C - The Intriguing Obsession CodeForces - 869C 题解（ 数学／dp ）

C - The Intriguing Obsession

  CodeForces - 869C 

— This is not playing but duty as allies of justice, Nii-chan!

— Not allies but justice itself, Onii-chan!

With hands joined, go everywhere at a speed faster than our thoughts! This time, the Fire Sisters — Karen and Tsukihi — is heading for somewhere they've never reached — water-surrounded islands!

There are three clusters of islands, conveniently coloured red, blue and purple. The clusters consist of a, b and c distinct islands respectively.

Bridges have been built between some (possibly all or none) of the islands. A bridge bidirectionally connects two different islands and has length 1. For any two islands of the same colour, either they shouldn't be reached from each other through bridges, or the shortest distance between them is at least 3, apparently in order to prevent oddities from spreading quickly inside a cluster.

The Fire Sisters are ready for the unknown, but they'd also like to test your courage.

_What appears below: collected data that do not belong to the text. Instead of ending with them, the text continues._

(* Let $a,b,c,d>0$ and let $G_B:\mathbb R^2\to\mathbb R^2$ be given by $G_B(0)=0$ and $G_B(u)=\frac{1}{|u|}\big((au_1^2+bu_2^2)u_1,\ (cu_1^2+du_2^2)u_2\big)$ for $u\neq0$. If $$\max\{a+c,b+d\}+2\sqrt{\max\{a,b\}}\sqrt{\max\{c,d\}}\le 2(b+c+2\sqrt{ad})$$ and $$2(b+c-2\sqrt{ad})\le\min\{a+c,b+d\}+2\sqrt{\min\{a,b\}}\sqrt{\min\{c,d\}},$$ then $G_B$ is monotone. If both inequalities are strict, then $G_B$ is $3$-monotone.
   Context: A map $F:\mathbb R^n\to\mathbb R^n$ is monotone if $(F(u)-F(v))\cdot(u-v)\ge0$ for all $u,v$; for $\alpha>0$ it is $\alpha$-monotone if there is $C>0$ with $(F(u)-F(v))\cdot(u-v)\ge C|u-v|^\alpha$ for all $u,v\in\mathbb R^n$. $|\cdot|$ is the Euclidean norm. *)

From Stdlib Require Import Reals Lra.
Open Scope R_scope.

Definition vec2 := (R * R)%type.

Definition dot2 (u v : vec2) : R := fst u * fst v + snd u * snd v.
Definition sub2 (u v : vec2) : vec2 := (fst u - fst v, snd u - snd v).
Definition norm2 (u : vec2) : R := sqrt (fst u ^ 2 + snd u ^ 2).

Definition monotone2 (F : vec2 -> vec2) : Prop :=
  forall u v : vec2, 0 <= dot2 (sub2 (F u) (F v)) (sub2 u v).

Definition alpha_monotone2 (alpha : nat) (F : vec2 -> vec2) : Prop :=
  exists C : R, C > 0 /\
    forall u v : vec2, dot2 (sub2 (F u) (F v)) (sub2 u v) >= C * norm2 (sub2 u v) ^ alpha.

Definition G_B (a b c d : R) (u : vec2) : vec2 :=
  let u1 := fst u in let u2 := snd u in
  if Req_EM_T (norm2 u) 0 then (0, 0)
  else ((a * u1 ^ 2 + b * u2 ^ 2) * u1 / norm2 u,
        (c * u1 ^ 2 + d * u2 ^ 2) * u2 / norm2 u).

(* For u, v put z = u - v and psi(t) = <G_B(v + t z), z>, so that
   <G_B(u) - G_B(v), u - v> = psi(1) - psi(0).  If the segment [v, u] avoids the origin,
   the mean value theorem gives psi(1) - psi(0) = psi'(t0), and |w|^3 psi'(t0) is the
   quadratic form z |-> |w|^2 <DG_B(w) z, z> at w = v + t0 z.  This binary quadratic form is
   nonnegative as soon as the square of its off-diagonal coefficient is at most four times the
   product of its diagonal ones, which follows (by AM-GM) from a pointwise bound that is
   exactly what the coefficient condition [monotonicity_condition] provides.  If the segment
   passes through the origin, homogeneity of degree 2 reduces the claim to <G_B(z), z> >= 0.

   G_B(a,b,c,d) = G_B(a-e,b-e,c-e,d-e) + e |u| u.  Under the strict
   hypotheses the shifted coefficients still satisfy the condition for some small e > 0,
   so the first summand is monotone, while u |-> |u| u is 3-monotone with constant 1/2. *)

From Stdlib Require Import Reals Lra Psatz Classical.
From Coquelicot Require Import Coquelicot.
Open Scope R_scope.

Lemma sum_sq_nonneg (x y : R) : 0 <= x ^ 2 + y ^ 2.
Proof. pose proof (pow2_ge_0 x). pose proof (pow2_ge_0 y). lra. Qed.

Lemma sum_sq_pos (x y : R) : ~ (x = 0 /\ y = 0) -> 0 < x ^ 2 + y ^ 2.
Proof.
  intros Hxy. pose proof (pow2_ge_0 x). pose proof (pow2_ge_0 y).
  destruct (Req_dec x 0) as [Ex | Ex].
  - assert (Ey : y <> 0) by tauto. pose proof (pow_nonzero y 2 Ey). lra.
  - pose proof (pow_nonzero x 2 Ex). lra.
Qed.

Lemma two_mul_le_add (X Y p : R) :
  0 <= X -> 0 <= Y -> 0 <= p -> X * Y = p * p -> 2 * p <= X + Y.
Proof.
  intros hX hY hp hXY.
  assert (hsq : (2 * p) * (2 * p) <= (X + Y) * (X + Y)).
  { replace ((X + Y) * (X + Y)) with ((X - Y) * (X - Y) + 4 * (X * Y)) by ring.
    rewrite hXY. pose proof (Rle_0_sqr (X - Y)). unfold Rsqr in *. lra. }
  destruct (Rle_lt_dec (2 * p) (X + Y)) as [| hlt]; [assumption |].
  assert ((X + Y) * (X + Y) < (2 * p) * (2 * p)) by (apply Rmult_le_0_lt_compat; lra).
  lra.
Qed.

(* Quantitative continuity of the geometric mean under lowering both arguments by e;
   it controls how the coefficient condition degrades when a, b, c, d are shifted. *)
Lemma sqrt_mul_shift (p q e : R) :
  0 < p -> 0 < q -> 0 <= e -> e <= p -> e <= q ->
  sqrt (p * q) - e * ((p + q) / sqrt (p * q)) <= sqrt ((p - e) * (q - e)).
Proof.
  intros hp hq he hep heq.
  set (S := sqrt (p * q)). set (T := sqrt ((p - e) * (q - e))).
  assert (hS : 0 < S) by (apply sqrt_lt_R0; nra).
  assert (hS2 : S * S = p * q) by (apply sqrt_sqrt; nra).
  assert (hT2 : T * T = (p - e) * (q - e)) by (apply sqrt_sqrt; nra).
  assert (hT : 0 <= T) by apply sqrt_pos.
  assert (hTS : T <= S) by (apply sqrt_le_1_alt; nra).
  assert (hgap : S * (S - T) <= e * (p + q)) by nra.
  apply (Rmult_le_reg_l S); [exact hS |].
  replace (S * (S - e * ((p + q) / S))) with (S * S - e * (p + q)) by (field; lra).
  nra.
Qed.

Lemma quad_form_nonneg (P Q B X Y : R) :
  0 <= P -> 0 <= Q -> B * B <= 4 * P * Q -> 0 <= P * X ^ 2 + Q * Y ^ 2 + B * X * Y.
Proof.
  intros hP hQ hB.
  destruct (Req_dec P 0) as [hP0 | hP0].
  - subst P. assert (B = 0) by nra. subst B. nra.
  - assert (h4 : 4 * P * (P * X ^ 2 + Q * Y ^ 2 + B * X * Y)
                 = (2 * P * X + B * Y) ^ 2 + (4 * P * Q - B * B) * Y ^ 2) by ring.
    assert (0 <= (2 * P * X + B * Y) ^ 2) by apply pow2_ge_0.
    assert (0 <= (4 * P * Q - B * B) * Y ^ 2) by (apply Rmult_le_pos; [lra | apply pow2_ge_0]).
    nra.
Qed.

(* The first component of G_B with coefficients (p, q); by symmetry the second component
   at (x, y) is [comp d c y x].  Since x / 0 = 0 for the reals used here, [comp] vanishes at 0. *)
Definition comp (p q x y : R) : R := (p * x ^ 2 + q * y ^ 2) * x / sqrt (x ^ 2 + y ^ 2).

Lemma G_B_comp (a b c d : R) (u : vec2) :
  G_B a b c d u = (comp a b (fst u) (snd u), comp d c (snd u) (fst u)).
Proof.
  unfold G_B, comp, norm2.
  replace (snd u ^ 2 + fst u ^ 2) with (fst u ^ 2 + snd u ^ 2) by ring.
  destruct (Req_EM_T _ 0) as [E | E]; [| f_equal; f_equal; ring].
  rewrite E, Rdiv_0_r, Rdiv_0_r; reflexivity.
Qed.

Lemma comp_hom (p q l x y : R) : comp p q (l * x) (l * y) = l * Rabs l * comp p q x y.
Proof.
  unfold comp.
  replace ((l * x) ^ 2 + (l * y) ^ 2) with (Rsqr l * (x ^ 2 + y ^ 2)) by (unfold Rsqr; ring).
  rewrite sqrt_mult, sqrt_Rsqr_abs by (apply Rle_0_sqr || apply sum_sq_nonneg).
  destruct (Req_dec (sqrt (x ^ 2 + y ^ 2)) 0) as [E | E].
  - rewrite E, Rmult_0_r, !Rdiv_0_r. ring.
  - destruct (Req_dec l 0) as [El | El].
    + subst l. rewrite Rabs_R0. unfold Rdiv. ring.
    + unfold Rabs; destruct (Rcase_abs l); field; lra.
Qed.

Lemma comp_shift (p q e x y : R) :
  comp p q x y = comp (p - e) (q - e) x y + e * sqrt (x ^ 2 + y ^ 2) * x.
Proof.
  unfold comp.
  destruct (Req_dec (sqrt (x ^ 2 + y ^ 2)) 0) as [E | E].
  - rewrite E, !Rdiv_0_r. ring.
  - assert (H : sqrt (x ^ 2 + y ^ 2) * sqrt (x ^ 2 + y ^ 2) = x ^ 2 + y ^ 2)
      by apply sqrt_sqrt, sum_sq_nonneg.
    set (rho := sqrt (x ^ 2 + y ^ 2)) in *.
    replace (e * rho * x) with (e * (rho * rho) * x / rho) by (field; exact E).
    rewrite H. field. exact E.
Qed.

(* <G_B(z), z> = (a z1^4 + (b+c) z1^2 z2^2 + d z2^4) / |z| >= 0. *)
Lemma G_B_self_pairing_nonneg (a b c d z1 z2 : R) :
  0 <= a -> 0 <= b -> 0 <= c -> 0 <= d ->
  0 <= comp a b z1 z2 * z1 + comp d c z2 z1 * z2.
Proof.
  intros ha hb hc hd. unfold comp, Rdiv.
  replace (z2 ^ 2 + z1 ^ 2) with (z1 ^ 2 + z2 ^ 2) by ring.
  replace ((a * z1 ^ 2 + b * z2 ^ 2) * z1 * / sqrt (z1 ^ 2 + z2 ^ 2) * z1
           + (d * z2 ^ 2 + c * z1 ^ 2) * z2 * / sqrt (z1 ^ 2 + z2 ^ 2) * z2)
    with ((a * (z1 ^ 2) ^ 2 + (b + c) * (z1 ^ 2 * z2 ^ 2) + d * (z2 ^ 2) ^ 2)
          * / sqrt (z1 ^ 2 + z2 ^ 2)) by ring.
  apply Rmult_le_pos.
  - pose proof (pow2_ge_0 z1). pose proof (pow2_ge_0 z2).
    assert (0 <= z1 ^ 2 * z2 ^ 2) by (apply Rmult_le_pos; assumption).
    pose proof (pow2_ge_0 (z1 ^ 2)). pose proof (pow2_ge_0 (z2 ^ 2)). nra.
  - destruct (Req_dec (sqrt (z1 ^ 2 + z2 ^ 2)) 0) as [E | E].
    + rewrite E, Rinv_0. lra.
    + apply Rlt_le, Rinv_0_lt_compat. pose proof (sqrt_pos (z1 ^ 2 + z2 ^ 2)). lra.
Qed.

(* The coefficient condition under which G_B is monotone.  It is implied by the
   hypotheses of the theorem (the first one is weakened by dropping a nonnegative term). *)
Definition monotonicity_condition (a b c d : R) : Prop :=
  Rmax (a + c) (b + d) <= 2 * (b + c + 2 * sqrt (a * d)) /\
  2 * (b + c - 2 * sqrt (a * d)) <= Rmin (a + c) (b + d) + 2 * sqrt (Rmin a b) * sqrt (Rmin c d).

Lemma coupling_bound (a b c d s t : R) :
  0 <= a -> 0 <= b -> 0 <= c -> 0 <= d -> 0 <= s -> 0 <= t ->
  monotonicity_condition a b c d ->
  Rabs (2 * (b + c) * (s + t) - (a * s + b * t) - (c * s + d * t))
    <= 2 * sqrt ((a * s + b * t) * (c * s + d * t)) + 4 * sqrt (a * d) * (s + t).
Proof.
  intros ha hb hc hd hs ht [Hup Hlow].
  set (sg := s + t). set (A := a * s + b * t). set (C := c * s + d * t).
  set (ma := Rmin a b). set (mc := Rmin c d).
  assert (hsg : 0 <= sg) by (unfold sg; lra).
  assert (hma : 0 <= ma) by (apply Rmin_glb; lra).
  assert (hmc : 0 <= mc) by (apply Rmin_glb; lra).
  assert (hAm : ma * sg <= A)
    by (unfold A, sg, ma; pose proof (Rmin_l a b); pose proof (Rmin_r a b); nra).
  assert (hCm : mc * sg <= C)
    by (unfold C, sg, mc; pose proof (Rmin_l c d); pose proof (Rmin_r c d); nra).
  assert (hACmax : A + C <= Rmax (a + c) (b + d) * sg)
    by (unfold A, C, sg; pose proof (Rmax_l (a + c) (b + d));
        pose proof (Rmax_r (a + c) (b + d)); nra).
  assert (hACmin : Rmin (a + c) (b + d) * sg <= A + C)
    by (unfold A, C, sg; pose proof (Rmin_l (a + c) (b + d));
        pose proof (Rmin_r (a + c) (b + d)); nra).
  assert (hk : sqrt ma * sqrt mc * sg <= sqrt (A * C)).
  { rewrite <- sqrt_mult, <- (sqrt_square sg hsg), <- sqrt_mult by nra.
    apply sqrt_le_1_alt.
    replace (ma * mc * (sg * sg)) with ((ma * sg) * (mc * sg)) by ring.
    apply Rmult_le_compat; nra. }
  assert (hk0 : 0 <= sqrt (A * C)) by apply sqrt_pos.
  assert (hm0 : 0 <= sqrt (a * d) * sg) by (apply Rmult_le_pos; [apply sqrt_pos | lra]).
  apply Rmult_le_compat_r with (r := sg) in Hup; [| exact hsg].
  apply Rmult_le_compat_r with (r := sg) in Hlow; [| exact hsg].
  apply Rabs_le. fold sg A C ma mc in Hup, Hlow |- *. split; nra.
Qed.

(* |u|^3 times the quadratic form z |-> <DG_B(u) z, z> at u = (x, y) != 0. *)
Definition jac_form (a b c d x y z1 z2 : R) : R :=
  (x ^ 2 + y ^ 2) * ((3 * a * x ^ 2 + b * y ^ 2) * z1 ^ 2 + 2 * (b + c) * x * y * z1 * z2
                     + (c * x ^ 2 + 3 * d * y ^ 2) * z2 ^ 2)
  - ((a * x ^ 2 + b * y ^ 2) * x * z1 + (c * x ^ 2 + d * y ^ 2) * y * z2) * (x * z1 + y * z2).

(* The Jacobian form is a binary quadratic form in z with diagonal entries P, Q and
   off-diagonal entry x y W; the bound of [coupling_bound] together with AM-GM gives
   (x y W)^2 <= 4 P Q. *)
Lemma jac_form_nonneg_of_bound (a b c d x y z1 z2 : R) :
  0 <= a -> 0 <= b -> 0 <= c -> 0 <= d ->
  Rabs (2 * (b + c) * (x ^ 2 + y ^ 2) - (a * x ^ 2 + b * y ^ 2) - (c * x ^ 2 + d * y ^ 2))
    <= 2 * sqrt ((a * x ^ 2 + b * y ^ 2) * (c * x ^ 2 + d * y ^ 2))
       + 4 * sqrt (a * d) * (x ^ 2 + y ^ 2) ->
  0 <= jac_form a b c d x y z1 z2.
Proof.
  intros ha hb hc hd HW.
  set (s := x ^ 2) in *. set (t := y ^ 2) in *. set (sg := s + t) in *.
  set (A := a * s + b * t) in *. set (C := c * s + d * t) in *.
  set (k := sqrt (A * C)) in *. set (m := sqrt (a * d)) in *.
  set (W := 2 * (b + c) * sg - A - C) in *.
  assert (hs : 0 <= s) by apply pow2_ge_0. assert (ht : 0 <= t) by apply pow2_ge_0.
  assert (hA : 0 <= A) by (unfold A; nra). assert (hC : 0 <= C) by (unfold C; nra).
  assert (hk : k * k = A * C) by (apply sqrt_sqrt; nra).
  assert (hm : m * m = a * d) by (apply sqrt_sqrt; nra).
  assert (hk0 : 0 <= k) by apply sqrt_pos. assert (hm0 : 0 <= m) by apply sqrt_pos.
  set (P := A * t + 2 * a * sg * s). set (Q := C * s + 2 * d * sg * t).
  assert (hform : jac_form a b c d x y z1 z2 = P * z1 ^ 2 + Q * z2 ^ 2 + (x * y * W) * z1 * z2)
    by (unfold jac_form, P, Q, W, C, A, sg, s, t; ring).
  assert (hsg : 0 <= sg) by (unfold sg; lra).
  rewrite hform. apply quad_form_nonneg.
  - unfold P. assert (0 <= a * sg * s) by (apply Rmult_le_pos; [apply Rmult_le_pos |]; lra).
    nra.
  - unfold Q. assert (0 <= d * sg * t) by (apply Rmult_le_pos; [apply Rmult_le_pos |]; lra).
    nra.
  -
    assert (hamgm : 2 * (m * k * s * t) <= d * A * t ^ 2 + a * C * s ^ 2).
    { apply two_mul_le_add.
      - apply Rmult_le_pos; [nra | apply pow2_ge_0].
      - apply Rmult_le_pos; [nra | apply pow2_ge_0].
      - apply Rmult_le_pos; [apply Rmult_le_pos; [apply Rmult_le_pos |] |]; assumption.
      - replace (m * k * s * t * (m * k * s * t)) with ((m * m) * (k * k) * (s * t) * (s * t))
          by ring.
        rewrite hm, hk. ring. }
    assert (hPQ : 4 * P * Q = s * t * ((2 * k + 4 * m * sg) * (2 * k + 4 * m * sg))
                              + 8 * sg * (d * A * t ^ 2 + a * C * s ^ 2 - 2 * (m * k * s * t))).
    { apply Rminus_diag_uniq.
      transitivity (4 * s * t * (A * C - k * k) + 16 * sg * sg * s * t * (a * d - m * m)).
      - unfold P, Q, sg. ring.
      - rewrite hk, hm. ring. }
    assert (hW2 : W * W <= (2 * k + 4 * m * sg) * (2 * k + 4 * m * sg)).
    { apply Rsqr_le_abs_1. rewrite (Rabs_pos_eq (2 * k + 4 * m * sg)); [lra |].
      assert (0 <= m * sg) by (apply Rmult_le_pos; lra). lra. }
    assert (hst : x * y * W * (x * y * W) = s * t * (W * W)) by (unfold s, t; ring).
    assert (0 <= s * t) by (apply Rmult_le_pos; lra).
    assert (0 <= sg * (d * A * t ^ 2 + a * C * s ^ 2 - 2 * (m * k * s * t)))
      by (apply Rmult_le_pos; lra).
    rewrite hst, hPQ.
    assert (s * t * (W * W) <= s * t * ((2 * k + 4 * m * sg) * (2 * k + 4 * m * sg)))
      by (apply Rmult_le_compat_l; lra).
    lra.
Qed.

And you're here to figure out the number of different ways to build all bridges under the constraints, and give the answer modulo 998 244 353. Two ways are considered different if a pair of islands exist, such that there's a bridge between them in one of them, but not in the other.

Input

The first and only line of input contains three space-separated integers a, b and c (1 ≤ a, b, c ≤ 5 000) — the number of islands in the red, blue and purple clusters, respectively.

Output

Output one line containing an integer — the number of different ways to build bridges, modulo 998 244 353.

Examples

Input

1 1 1

Output

8

Input

1 2 2

Output

63

Input

1 3 5

Output

3264

Input

6 2 9

Output

813023575

有三堆颜色分别为红黄蓝三色的岛屿，架桥，一个桥的距离为1.

要求：同色之间不能直接相连或者距离小于3，这句话的意思就是架桥的两个端点只能在不同的颜色之间选，且A堆中任一一个点只能同时和一个B中的点连，这样才能保证B集合中的点之间的距离小于3。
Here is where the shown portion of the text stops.